GARLAN III
El campamento de entrenamiento se extendía como una herida abierta sobre la llanura yerma al sur del Camino de los Dos Ríos. Durante el día, la disciplina reinaba entre los barracones, las tiendas y las pistas de maniobras. Pero por la noche, el aire se espesaba con murmullos y tensiones acumuladas. El fuego del patriotismo no era suficiente para calentar el corazón de un ejército que dormía junto a su propio reflejo dividido.
Garlan Oakheart caminaba entre los pabellones al alba, cuando el silbato de la patrulla de guardia interrumpió la calma.
—¡Un cadáver en el sector oeste! —gritó un joven cabo—. Un soldado, muerto a golpes.
El cuerpo yacía junto a unos barriles de agua, con el rostro destrozado y las manos aún cerradas en puños. El uniforme estaba rasgado a la altura del cuello. Alguien lo había arrastrado allí después de la pelea.
—¿Identificado? —preguntó Garlan, con el ceño fruncido.
—Era el soldado Marris, escuadra cinco, compañía del este. Según el registro, tenía simpatías con Leo Fossoway.
Garlan asintió. Ya lo había temido.
La investigación fue breve. Demasiado breve.
Dos testigos dijeron haber escuchado gritos sobre “traidores con nombre de vino” y “la nobleza disfrazada de república”. Otros declararon que el soldado muerto estaba discutiendo con al menos tres compañeros la noche anterior. Nadie vio nada. Nadie se atrevió a nombrar a los agresores.
Garlan sabía lo que aquello significaba. Silencio de unidad. O silencio de miedo.
Se hizo llamar a todos los integrantes del pelotón del fallecido. Los hizo formar en fila. Frente a él, treinta y cuatro hombres y mujeres con el rostro duro y la mirada fija en el vacío.
—Soldados —dijo con voz firme—. Marris ha muerto a manos de sus propios compañeros.
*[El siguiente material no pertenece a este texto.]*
Lemma perfect_matching_avoidingU S T M N :
  pm_avoiding S M -> pm_avoiding T N -> S :|: T = setT ->
  pm_avoiding (S :&: T) (M :|: N).
Proof.
case/andP=> /forall_inP M_S /forall_inP M_deg /andP[/forall_inP N_T /forall_inP N_deg] ST.
apply/andP; split.
  apply/forall_inP => e; rewrite inE => /orP[/M_S|/N_T] /andP[h1 h2];
  by rewrite !inE !negb_and ?h1 ?h2 ?orbT.
apply/forall_inP => v; rewrite !inE negb_and => /orP[vS|vT].
  have vT : v \in T by have := in_setT v; rewrite -ST inE (negbTE vS).
  rewrite incident_setUr ?M_deg ?inE // => e /N_T eT; exact: incident_avoiding eT vT.
have vS : v \in S by have := in_setT v; rewrite -ST inE (negbTE vT) orbF.
rewrite setUC incident_setUr ?N_deg ?inE // => e /M_S eS; exact: incident_avoiding eS vS.
Qed.

Lemma perfect_matching_avoiding_disjoint S T M N :
  pm_avoiding S M -> pm_avoiding T N -> S :|: T = setT -> [disjoint M & N].
Proof.
case/andP=> /forall_inP M_S _ /andP[/forall_inP N_T _] ST.
apply/pred0P => e /=; apply/negbTE/andP => -[/M_S/andP[h _] /N_T/andP[h' _]].
by have := in_setT (ends e).1; rewrite -ST inE (negbTE h) (negbTE h').
Qed.

Lemma perfect_matching_avoiding_edge e u w :
  joins e u w -> u != w -> pm_avoiding (~: [set u; w]) [set e].
Proof.
move=> Huw Hne; apply/andP; split.
  apply/forall_inP => f; rewrite inE => /eqP->.
  by have := joins_ends Huw; rewrite !inE !negbK.
apply/forall_inP => v; rewrite !inE negbK => Hv.
rewrite (_ : [set f in [set e] | incident f v] = [set e]) ?cards1 //.
apply/setP => f; rewrite !inE; case: eqP => [->|]; rewrite ?andbF //.
by rewrite (joins_incident _ Huw) Hv.
Qed.

Lemma path_half_matching x e es s :
  walk x (e :: es) s -> uniq (x :: s) -> ~~ odd (size es) ->
  exists N : {set E}, [/\ e \in N, {subset N <= e :: es} & pm_avoiding (~: [set v in x :: s]) N].
Proof.
have [n] := ubnP (size es); elim: n x e es s => [|n IH] x e es s //.
case: es => [|f [|e' es]] /= ltes; case: s => [|y [|z s]]; rewrite //= ?andbF //.
  move=> /andP[He _] /andP[]; rewrite inE => xy _ _.
  exists [set e]; split.
  - by rewrite inE.
  - by move=> f; rewrite !inE.
  - rewrite (_ : [set v in [:: x; y]] = [set x; y]); first exact: perfect_matching_avoiding_edge.
    by apply/setP => v; rewrite !inE.
case/and3P=> He _ Hw /and3P[Hx Hy Uzs]; rewrite negbK => odd_es.
have xy : x != y by move: Hx; rewrite inE negb_or => /andP[].
have Hx' : x \notin z :: s by move: Hx; rewrite inE negb_or => /andP[].
have [|N' [e'N' subN' pmN']] := IH z e' es s _ Hw Uzs odd_es; first by rewrite -ltnS ltnW.
exists ([set e] :|: N'); split.
- by rewrite !inE eqxx.
- by move=> g; rewrite !inE => /orP[/eqP->|/subN']; rewrite ?inE ?eqxx // => ->; rewrite !orbT.
rewrite (_ : ~: _ = ~: [set x; y] :&: ~: [set v in z :: s]).
  apply: perfect_matching_avoidingU pmN' _; first exact: perfect_matching_avoiding_edge.
  rewrite -setCI (_ : _ :&: _ = set0) ?setC0 //; apply/setP => v.
  rewrite in_set0; apply/negbTE; rewrite in_setI in_set2 in_set.
  by apply/andP => -[/orP[]/eqP-> H]; [move: Hx' | move: Hy]; rewrite H.
by apply/setP => v; rewrite !inE !negb_or -!andbA.
Qed.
No fue una bala enemiga. No fue un accidente. Fue política. Fue odio.
Sus palabras retumbaron en el campo como el redoble de una ejecución.
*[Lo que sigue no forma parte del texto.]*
(* In the ring of symmetric functions (power series in $p_1,p_2,\dots$ over $\mathbb{Q}$), $$p_1\,\partial_{p_1}\Sigma\operatorname{PreLie}+\partial_{p_1}\bigl(\operatorname{Comm}\circ\Sigma\operatorname{PreLie}\bigr)=1.$$
   Context: Symmetric functions are written as (formal power series) in the power sums $p_1,p_2,\dots$ over $\mathbb{Q}$, and $\partial_{p_1}$ is the partial derivative with respect to $p_1$. $\circ$ denotes plethysm: $p_k\circ f$ is obtained from $f$ by replacing every $p_j$ by $p_{jk}$ (rational constants are fixed), and $g\circ f$ is obtained by substituting $p_k\circ f$ for $p_k$ in $g$. The suspension of $f=f(p_1,p_2,\dots)$ is $\Sigma f=-f(-p_1,-p_2,-p_3,\dots)$. $\operatorname{Comm}=\exp\bigl(\sum_{k\ge1}p_k/k\bigr)-1$. $\operatorname{PreLie}$ is the Frobenius characteristic $\sum_{n\ge1}\operatorname{ch}(\mathbb{Q}\mathcal{R}_n)$ of the permutation representations of the symmetric groups $\mathfrak{S}_n$ on the sets $\mathcal{R}_n$ of rooted trees with vertex set $\{1,\dots,n\}$; equivalently, it is the unique symmetric function without constant term satisfying $\operatorname{PreLie}=p_1\,(1+\operatorname{Comm}\circ\operatorname{PreLie})$. *)

(* Symmetric functions over Q as formal power series in the
   power sums p_1, p_2, ...: a series is its coefficient function on the
   monomials p_lambda = p_{l_1} ... p_{l_r}, where a monomial is encoded by
   the partition lambda = [:: l_1; ...; l_r] (a nonincreasing seq of positive
   naturals).  Values at non-partitions are junk and ignored: two series are
   equal (sym_eq) iff their coefficients agree on all partitions. *)
From mathcomp Require Import all_boot all_order all_algebra.
Set Implicit Arguments. Unset Strict Implicit. Unset Printing Implicit Defensive.
Import Order.TTheory GRing.Theory Num.Theory.
Local Open Scope ring_scope.

Definition partn (l : seq nat) : bool := sorted geq l && all (fun k => 0 < k)%N l.

Definition sym := seq nat -> rat.

Definition sym_eq (f g : sym) : Prop := forall l, partn l -> f l = g l.

Definition sconst (c : rat) : sym := fun l => if l == [::] then c else 0.
Definition sone : sym := sconst 1.
Definition sp1 : sym := fun l => if l == [:: 1%N] then 1 else 0.
Definition sadd (f g : sym) : sym := fun l => f l + g l.
Definition sopp (f : sym) : sym := fun l => - f l.

Fixpoint bitseqs (n : nat) : seq bitseq :=
  if n is n'.+1 then [seq b :: s | b <- [:: true; false], s <- bitseqs n']
  else [:: [::]].

Definition splits (l : seq nat) : seq (seq nat * seq nat) :=
  undup [seq (mask m l, mask (map negb m) l) | m <- bitseqs (size l)].

(* product: p_mu * p_nu = p_(mu u nu) *)
Definition smul (f g : sym) : sym :=
  fun l => \sum_(pr <- splits l) f pr.1 * g pr.2.

Definition sprod (s : seq sym) : sym := foldr smul sone s.
Definition sexpn (f : sym) (n : nat) : sym := iter n (smul f) sone.

(* exponential of a series without constant term: sum_n f^n / n! *)
Definition sexp (f : sym) : sym :=
  fun l => \sum_(n < (sumn l).+1) sexpn f n l / ((n`!)%N)%:R.

Definition dp1 (f : sym) : sym :=
  fun l => ((count_mem 1%N l).+1)%:R * f (rcons l 1%N).

(* suspension: Sigma f = - f(-p_1, -p_2, ...) *)
Definition susp (f : sym) : sym := fun l => - ((-1) ^+ size l * f l).

(* p_k o f : replace every p_j by p_{jk}  (k >= 1) *)
Definition pk (k : nat) (f : sym) : sym :=
  fun l => if all (fun i => k %| i)%N l then f (map (fun i => i %/ k)%N l) else 0.

Fixpoint seqs_len (n d : nat) : seq (seq nat) :=
  if n is n'.+1 then [seq i :: s | i <- iota 1 d, s <- seqs_len n' d]
  else [:: [::]].
Definition parts_upto (d : nat) : seq (seq nat) :=
  [seq s <- flatten [seq seqs_len n d | n <- iota 0 d.+1]
     | partn s && (sumn s <= d)%N].

(* plethysm g o f for f without constant term:
   g o f = sum_nu g_nu * prod_i (p_{nu_i} o f); only |nu| <= deg contributes *)
Definition pleth (g f : sym) : sym :=
  fun l => \sum_(nu <- parts_upto (sumn l)) g nu * sprod [seq pk i f | i <- nu] l.

Definition sumpk_over_k : sym := fun l => if l is [:: k] then (k%:R)^-1 else 0.
Definition Comm : sym := sadd (sexp sumpk_over_k) (sopp sone).

Definition prelie_eq (P : sym) : Prop :=
  P [::] = 0 /\ sym_eq P (smul sp1 (sadd sone (pleth Comm P))).

From HB Require Import structures.
From mathcomp Require Import all_boot all_order all_algebra.
From mathcomp Require Import boolp ring zify.
From Stdlib Require Import ProofIrrelevance.
Set Implicit Arguments. Unset Strict Implicit. Unset Printing Implicit Defensive.
Import GRing.Theory Num.Theory.

(* Substituting p_i -> -p_i in PreLie = p_1 (1 + Comm o PreLie) shows
   that q := Sigma PreLie satisfies q = p_1 (1 + Comm o (-q)).  Now
   1 + Comm = exp L with L = sum_k p_k / k, and W := L o q is linear in q, so
   this reads q exp(W) = p_1.  Among the p_k o q only p_1 o q = q involves
   p_1, hence d W = d q for d = d/dp_1, and differentiating q exp(W) = p_1
   gives d q exp(W) + q exp(W) d q = 1.  Since p_1 = q exp(W) and
   d (Comm o q) = d exp(W) = exp(W) d q, this is the identity.  The series
   PreLie itself is the limit of the iteration P |-> p_1 (1 + Comm o P),
   which fixes one more degree at each step. *)

(** * Partitions and their splittings *)

Lemma geq_trans : transitive geq.
Proof. exact: rev_trans leq_trans. Qed.

Lemma geq_total : total geq.
Proof. by move=> m n; rewrite /= orbC leq_total. Qed.

Lemma anti_geq : antisymmetric geq.
Proof. by move=> m n le_mn; apply: anti_leq; rewrite andbC. Qed.

Lemma partn_perm_eq a b : partn a -> partn b -> perm_eq a b -> a = b.
Proof. by move=> /andP[sa _] /andP[sb _]; apply: (sorted_eq geq_trans anti_geq sa sb). Qed.

Lemma partn_sort s : all (fun k => 0 < k)%N s -> partn (sort geq s).
Proof. by move=> s_gt0; rewrite /partn (sort_sorted geq_total) all_sort. Qed.

Lemma partn_subseq a l : partn l -> subseq a l -> partn a.
Proof.
case/andP=> sl l_gt0 al; rewrite /partn (subseq_sorted geq_trans al sl).
by apply/allP=> x /(mem_subseq al); apply: (allP l_gt0).
Qed.

Lemma partn_gt0 l i : partn l -> i \in l -> (0 < i)%N.
Proof. by case/andP=> _ /allP; apply. Qed.

Lemma partn_behead i l : partn (i :: l) -> partn l.
Proof. by move/partn_subseq; apply; apply: subseq_cons. Qed.

Lemma partn_rcons1 l : partn (rcons l 1%N) = partn l.
Proof.
rewrite /partn all_rcons /=; case: l => //= x l; rewrite rcons_path /=.
apply/idP/idP=> [/andP[/andP[-> _] ->] // | /andP[-> l_gt0]].
by rewrite l_gt0 (allP (l_gt0 : all _ (x :: l)) _ (mem_last x l)).
Qed.

Lemma partn_sumn_eq0 l : partn l -> sumn l = 0%N -> l = [::].
Proof. by case: l => // i l /andP[_ /= /andP[]]; rewrite lt0n => /negPf; case: i. Qed.

Lemma size_le_sumn_partn l : partn l -> (size l <= sumn l)%N.
Proof.
case/andP=> _; elim: l => //= i l IHl /andP[i_gt0 l_gt0].
by rewrite -add1n leq_add ?IHl.
Qed.

Lemma partn_mem_le_sumn l i : partn l -> i \in l -> (0 < i <= sumn l)%N.
Proof.
move=> pl il; rewrite (partn_gt0 pl il) /=.
by rewrite (perm_sumn (perm_to_rem il)) /= leq_addr.
Qed.

Lemma partn_map_divn k l : (0 < k)%N -> partn l -> all (fun i => k %| i)%N l ->
  partn (map (fun i => i %/ k)%N l).
Proof.
move=> k_gt0 /andP[sl l_gt0] kl; apply/andP; split.
  by apply: (homo_sorted (e := geq)) => // m n; apply: leq_div2r.
apply/allP=> _ /mapP[i il ->]; rewrite divn_gt0 //.
by apply: dvdn_leq; [exact: (allP l_gt0) | exact: (allP kl)].
Qed.

Lemma bitseqsP n m : (m \in bitseqs n) = (size m == n).
Proof.
elim: n m => [|n IHn] [|b m] //=; rewrite ?cats0 mem_cat ?inE //.
  by apply/negP=> /orP[] /mapP[].
rewrite eqSS -IHn; apply/orP/idP=> [[] /mapP[s sn [_ ->]] // | mn].
by case: b; [left | right]; apply: map_f.
Qed.

Lemma perm_mask_cat (m : bitseq) (l : seq nat) : size m = size l ->
  perm_eq l (mask m l ++ mask (map negb m) l).
Proof.
elim: l m => [|x l IHl] [|[] m] //= [/IHl ml]; first by rewrite perm_cons.
by rewrite -cat1s perm_sym -cat1s perm_catCA perm_cons perm_sym.
Qed.

Lemma splitsP l a b : partn l ->
  ((a, b) \in splits l) = [&& partn a, partn b & perm_eq (a ++ b) l].
Proof.
move=> pl; rewrite mem_undup; apply/mapP/and3P=> [[m] | [pa pb ab_l]].
  rewrite bitseqsP => /eqP/perm_mask_cat lm [-> ->].
  by rewrite !(partn_subseq pl) ?mask_subseq // perm_sym.
have al : subseq a l.
  have := sorted_subseq_sort geq_total geq_trans (prefix_subseq a b) (andP pa).1.
  by rewrite (perm_sortP geq_total geq_trans anti_geq _ _ ab_l)
             (sorted_sort geq_trans (andP pl).1).
case/subseqP: al => m /eqP; rewrite -bitseqsP => mn ea.
exists m => //; congr pair => //; apply: partn_perm_eq => //.
  by apply: partn_subseq pl _; apply: mask_subseq.
move: mn; rewrite bitseqsP => /eqP/perm_mask_cat; rewrite -ea => lm.
by rewrite -(perm_cat2l a) (perm_trans ab_l).
Qed.

Lemma splits_partn l a b : partn l -> (a, b) \in splits l ->
  [/\ partn a, partn b & (sumn a + sumn b = sumn l)%N].
Proof.
by move=> pl; rewrite splitsP // => /and3P[-> -> /perm_sumn <-]; rewrite sumn_cat.
Qed.

Lemma seqs_lenP n d s :
  (s \in seqs_len n d) = (size s == n) && all (fun i => 0 < i <= d)%N s.
Proof.
elim: n s => [|n IHn] [|x s] //=; rewrite ?inE //.
  by apply/negP=> /allpairsP[[i t] [_ _]].
apply/allpairsP/idP=> [[[i t] /= [] + + [-> ->]] | /andP[sn /andP[xd sd]]].
  by rewrite mem_iota add1n IHn eqSS => -> /andP[-> ->].
by exists (x, s); rewrite mem_iota add1n IHn -eqSS sn.
Qed.

Lemma seqs_len_uniq n d : uniq (seqs_len n d).
Proof.
elim: n => //= n IHn; apply: allpairs_uniq => //; first exact: iota_uniq.
by move=> [i s] [j t] _ _ [-> ->].
Qed.

Lemma parts_uptoP d s : (s \in parts_upto d) = partn s && (sumn s <= d)%N.
Proof.
rewrite mem_filter; apply/andP/idP=> [[] // | /andP[ps sd]].
split; first by rewrite ps sd.
apply/flattenP; exists (seqs_len (size s) d).
  by apply/mapP; exists (size s); rewrite // mem_iota ltnS (leq_trans (size_le_sumn_partn ps)).
rewrite seqs_lenP eqxx; apply/allP=> i si.
by case/andP: (partn_mem_le_sumn ps si) => -> /leq_trans->.
Qed.

Lemma parts_upto_uniq d : uniq (parts_upto d).
Proof.
apply: filter_uniq.
elim: (iota 0 d.+1) (iota_uniq 0 d.+1) => //= n ns IHns /andP[n_ns uns].
rewrite cat_uniq seqs_len_uniq IHns // andbT.
apply/hasPn=> s /flattenP[t /mapP[k kns ->]]; rewrite !seqs_lenP.
case/andP=> /eqP sk _; apply/negP=> /andP[/eqP sn _].
by move: n_ns; rewrite -sn sk kns.
Qed.

Local Open Scope ring_scope.

Local Notation ind b := ((b : bool)%:R : rat).

Lemma big_ind_pick (T : eqType) (s : seq T) (P : pred T) x0 (F : T -> rat) :
  uniq s -> x0 \in s -> {in s, forall x, P x = (x == x0)} ->
  \sum_(x <- s) ind (P x) * F x = F x0.
Proof.
move=> us x0s Px; rewrite (bigD1_seq x0) //= Px // eqxx mul1r big1_seq ?addr0 //.
by move=> x /andP[/negPf x_x0 xs]; rewrite Px // x_x0 mul0r.
Qed.

Lemma big_ind_none (T : eqType) (s : seq T) (P : pred T) (F : T -> rat) :
  {in s, forall x, ~~ P x} -> \sum_(x <- s) ind (P x) * F x = 0.
Proof. by move=> nP; rewrite big1_seq // => x /andP[_ /nP/negPf->]; rewrite mul0r. Qed.

Lemma exchange_big3 (T : Type) (s : seq T) (F : T -> T -> T -> rat) :
  \sum_(x <- s) \sum_(y <- s) \sum_(z <- s) F x y z =
  \sum_(y <- s) \sum_(z <- s) \sum_(x <- s) F x y z.
Proof. by rewrite exchange_big; apply: eq_bigr => y _; apply: exchange_big. Qed.

Lemma partn_perm_sortE s l : partn l -> perm_eq s l = (l == sort geq s).
Proof.
case/andP=> sl _; apply/idP/eqP=> [s_l | ->]; last by rewrite perm_sym perm_sort.
by rewrite -(sorted_sort geq_trans sl) (perm_sortP geq_total geq_trans anti_geq _ _ s_l).
Qed.

Lemma big_parts_upto_perm N s (F : seq nat -> rat) : all (fun k => 0 < k)%N s ->
  \sum_(l <- parts_upto N) ind (perm_eq s l) * F l
  = if (sumn s <= N)%N then F (sort geq s) else 0.
Proof.
move=> s_gt0; case: ifP => sN.
  apply: big_ind_pick; first exact: parts_upto_uniq.
    by rewrite parts_uptoP partn_sort // (perm_sumn (permEl (perm_sort _ _))).
  by move=> l; rewrite parts_uptoP => /andP[pl _]; apply: partn_perm_sortE.
apply: big_ind_none => l; rewrite parts_uptoP => /andP[_ lN].
by apply: contraFN sN => /perm_sumn ->.
Qed.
—Sé que algunos de vosotros juráis lealtad a Aelinor Redwyne. Otros a Leo Fossoway. Algunos incluso me siguen a mí. Pero aquí, en este campamento, todos obedecen a la República.
Un murmullo se alzó en la fila, como un temblor.
—Quien haya cometido el asesinato, que dé un paso al frente. Recibirá el castigo correspondiente. Será la última oportunidad para que este ejército conserve el honor.
Silencio.
El viento soplaba desde las colinas con olor a tierra seca. Garlan miró a los rostros. Algunos sudaban. Otros temblaban. Ninguno se movió.
—Si nadie confiesa —dijo con frialdad—, el pelotón entero será apartado del frente. Sin excepción. Todos ustedes serán enviados a las barracas disciplinarias de Escudo Gris durante la duración de esta campaña.
Un joven dio un paso hacia adelante. Garlan sintió esperanza por un momento, pero el chico habló antes que él.
—Con todo el respeto, mi general… No podemos castigar a todos por lo que hizo uno. Es injusto.
—¿Y no lo fue la muerte de Marris? —preguntó Garlan—. ¿Qué mensaje recibirán los demás pelotones si dejamos que el asesinato y la política marquen la línea de fuego?
Silencio otra vez.
Garlan apretó los dientes. Estaba agotado. No de la guerra. De la política disfrazada de fervor. De los soldados que creían luchar por una idea, pero que en realidad obedecían banderas que cambiaban con el viento.
—¡Guardia! —gritó.
Se acercaron seis hombres con brazaletes rojos.
—Este pelotón queda disuelto. Quedan arrestados en nombre de la República. Custodia directa a Escudo Gris. Mañana al amanecer.
Los soldados no protestaron. Algunos lloraron. Otros apretaron los dientes. Nadie se movió.
Esa noche, Garlan permaneció solo en su tienda, observando el mapa del Dominio clavado a la lona. La línea de frente había sido dibujada con cuidado, pero en su mente se desdibujaba con cada decisión.
Sabía que la unidad era frágil. Que no todos los soldados lucharían por la misma bandera cuando llegara la hora. Pero sabía también que ceder ante el miedo o el favoritismo sería el primer paso hacia la disolución.
El deber lo había vuelto inflexible. No por arrogancia. Sino por desesperación.
Miró su reflejo en una petaca metálica. No se reconoció del todo.
Y comprendió que quizá el enemigo más peligroso no era Fossoway. Ni Tarly. Ni el Norte.
Era el tiempo.
El tiempo que corrompía ideales hasta volverlos armas.